→ What to do
When the line containing "Definition shift (x" is found in the data below, copy it and each line after it through the line containing "(forall r, A", exactly and with no others.

*** Opening Data for this exercise ***

(* Let $X\subseteq\{0,1\}^{\mathbb Z}$ be a subshift and let $a_{-n+1}a_{-n+2}\dots a_{-1}a_0$ ($n\ge2$) be a block of length $n$ in $\mathcal L(\tilde X)$. If $a_{-n+1}a_{-n+2}\dots a_0$ is significant, then both $0a_{-n+2}\dots a_{-1}a_0$ and $1a_{-n+2}\dots a_{-1}a_0$ are in $\mathcal L(\tilde X)$.
   Context: $\sigma$ is the shift $(\sigma x)_i=x_{i+1}$; a subshift is a nonempty closed $\sigma$-invariant set. $X^+$ denotes the set of right rays $x_0x_1\dots$ of points $x\in X$, and $\tilde X=\{x\in\{0,1\}^{\mathbb Z}: x_px_{p+1}\dots\in X^+\ \forall p\in\mathbb Z\}$ (which equals $X$). $\mathcal L(\tilde X)$ is the set of finite blocks occurring in points of $\tilde X$. For $a_{-n}\dots a_0\in\mathcal L(\tilde X)$, $\mathrm{fol}(a_{-n}\dots a_0)=\{b_0b_1\dots\in X^+:\exists b\in\tilde X,\ b_{-n}\dots b_0=a_{-n}\dots a_0\}$. A block $a_{-n}\dots a_0$ with $n\ge1$ is significant if $\mathrm{fol}(a_{-n}\dots a_0)\subsetneq\mathrm{fol}(a_{-n+1}\dots a_0)$. *)

From Stdlib Require Import ZArith List.
Open Scope Z_scope.

Definition point := Z -> bool.
Definition ray := nat -> bool.

Definition shift (x : point) : point := fun i => x (i + 1).

(* closed in the product topology: every point all of whose central
   windows [-N,N] are seen in X belongs to X *)
Definition closed_set (X : point -> Prop) : Prop :=
  forall x : point,
    (forall N : Z, exists y, X y /\ forall i, -N <= i <= N -> x i = y i) -> X x.

Definition shift_invariant (X : point -> Prop) : Prop :=
  (forall x, X x -> X (shift x)) /\
  (forall x, X x -> exists y, X y /\ forall i, shift y i = x i).

Definition subshift (X : point -> Prop) : Prop :=
  (exists x, X x) /\ closed_set X /\ shift_invariant X.

Definition rays (X : point -> Prop) (r : ray) : Prop :=
  exists x, X x /\ forall i : nat, r i = x (Z.of_nat i).

Definition tildeX (X : point -> Prop) (x : point) : Prop :=
  forall p : Z, rays X (fun i : nat => x (p + Z.of_nat i)).

(* A block a_{-m+1} ... a_0 is a list w of length m; entry j of w is a_{j-(m-1)}.
   [ends_at0 b w] : b_{-m+1} ... b_0 = w. *)
Definition ends_at0 (b : point) (w : list bool) : Prop :=
  forall j : nat, (j < length w)%nat ->
    b (Z.of_nat j - Z.of_nat (length w - 1)) = nth j w false.

Definition in_lang (X : point -> Prop) (w : list bool) : Prop :=
  exists x p, tildeX X x /\
    forall j : nat, (j < length w)%nat -> x (p + Z.of_nat j) = nth j w false.

Definition fol (X : point -> Prop) (w : list bool) (r : ray) : Prop :=
  rays X r /\
  exists b, tildeX X b /\ ends_at0 b w /\ forall i : nat, r i = b (Z.of_nat i).

Definition strict_subset (A B : ray -> Prop) : Prop :=
  (forall r, A r -> B r) /\ exists r, B r /\ ~ A r.

Definition significant (X : point -> Prop) (w : list bool) : Prop :=
  (2 <= length w)%nat /\ strict_subset (fol X w) (fol X (tl w)).

(* If a ray of fol(a_{-n+2}..a_0) is not in fol(a_{-n+1}..a_0), the point of
   tilde X witnessing it must carry the symbol opposite to a_{-n+1} at position
   -n+1; so the block with its first symbol flipped also occurs, while the
   original block occurs by hypothesis. *)
From Stdlib Require Import ZArith List Lia Bool.

Lemma ends_at0_cons (b : point) (a : bool) (t : list bool) :
  ends_at0 b (a :: t) <-> b (- Z.of_nat (length t)) = a /\ ends_at0 b t.
Proof.
  unfold ends_at0; simpl length; split.
  - intros Hend; split.
    + change a with (nth 0 (a :: t) false).
      rewrite <- (Hend 0%nat) by lia; f_equal; lia.
    + intros j Hj; change (nth j t false) with (nth (S j) (a :: t) false).
      rewrite <- (Hend (S j)) by lia; f_equal; lia.
  - intros [Ha Ht] [|j] Hj; cbn [nth].
    + rewrite <- Ha; f_equal; lia.
    + rewrite <- (Ht j) by lia; f_equal; lia.
Qed.

Lemma in_lang_of_ends_at0 (X : point -> Prop) (b : point) (w : list bool) :
  tildeX X b -> ends_at0 b w -> in_lang X w.
Proof.
  intros Hb Hend; exists b, (- Z.of_nat (length w - 1)); split; [exact Hb|].
  intros j Hj; rewrite <- (Hend j Hj); f_equal; lia.
Qed.

Lemma in_lang_negb_cons_of_fol_gap (X : point -> Prop) (a : bool) (t : list bool) (r : ray) :
  fol X t r -> ~ fol X (a :: t) r -> in_lang X (negb a :: t).
Proof.
  intros [Hr [b [Hb [Hend Hrb]]]] Hnot.
  apply (in_lang_of_ends_at0 X b); [exact Hb|].
  apply ends_at0_cons; split; [|exact Hend].
  destruct (bool_dec (b (- Z.of_nat (length t))) a) as [Ea|Ea].
  - exfalso; apply Hnot; split; [exact Hr|].
    exists b; split; [exact Hb|split; [|exact Hrb]].
    apply ends_at0_cons; split; assumption.
  - destruct a, (b (- Z.of_nat (length t))); simpl; congruence.
Qed.

Theorem proposition4p6 (X : point -> Prop) (w : list bool) :
  subshift X -> (2 <= length w)%nat -> in_lang X w -> significant X w ->
  in_lang X (false :: tl w) /\ in_lang X (true :: tl w).
Proof.
  intros _ Hlen Hw [_ [_ [r [Hr Hnot]]]].
  destruct w as [|a t]; [simpl in Hlen; lia|].
  pose proof (in_lang_negb_cons_of_fol_gap X a t r Hr Hnot) as Hflip.
  destruct a; split; assumption.
Qed.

*** Closing Data for this exercise ***

→ Written reply
Definition shift (x : point) : point := fun i => x (i + 1).

(* closed in the product topology: every point all of whose central
   windows [-N,N] are seen in X belongs to X *)
Definition closed_set (X : point -> Prop) : Prop :=
  forall x : point,
    (forall N : Z, exists y, X y /\ forall i, -N <= i <= N -> x i = y i) -> X x.

Definition shift_invariant (X : point -> Prop) : Prop :=
  (forall x, X x -> X (shift x)) /\
  (forall x, X x -> exists y, X y /\ forall i, shift y i = x i).

Definition subshift (X : point -> Prop) : Prop :=
  (exists x, X x) /\ closed_set X /\ shift_invariant X.

Definition rays (X : point -> Prop) (r : ray) : Prop :=
  exists x, X x /\ forall i : nat, r i = x (Z.of_nat i).

Definition tildeX (X : point -> Prop) (x : point) : Prop :=
  forall p : Z, rays X (fun i : nat => x (p + Z.of_nat i)).

(* A block a_{-m+1} ... a_0 is a list w of length m; entry j of w is a_{j-(m-1)}.
   [ends_at0 b w] : b_{-m+1} ... b_0 = w. *)
Definition ends_at0 (b : point) (w : list bool) : Prop :=
  forall j : nat, (j < length w)%nat ->
    b (Z.of_nat j - Z.of_nat (length w - 1)) = nth j w false.

Definition in_lang (X : point -> Prop) (w : list bool) : Prop :=
  exists x p, tildeX X x /\
    forall j : nat, (j < length w)%nat -> x (p + Z.of_nat j) = nth j w false.

Definition fol (X : point -> Prop) (w : list bool) (r : ray) : Prop :=
  rays X r /\
  exists b, tildeX X b /\ ends_at0 b w /\ forall i : nat, r i = b (Z.of_nat i).

Definition strict_subset (A B : ray -> Prop) : Prop :=
  (forall r, A r -> B r) /\ exists r, B r /\ ~ A r.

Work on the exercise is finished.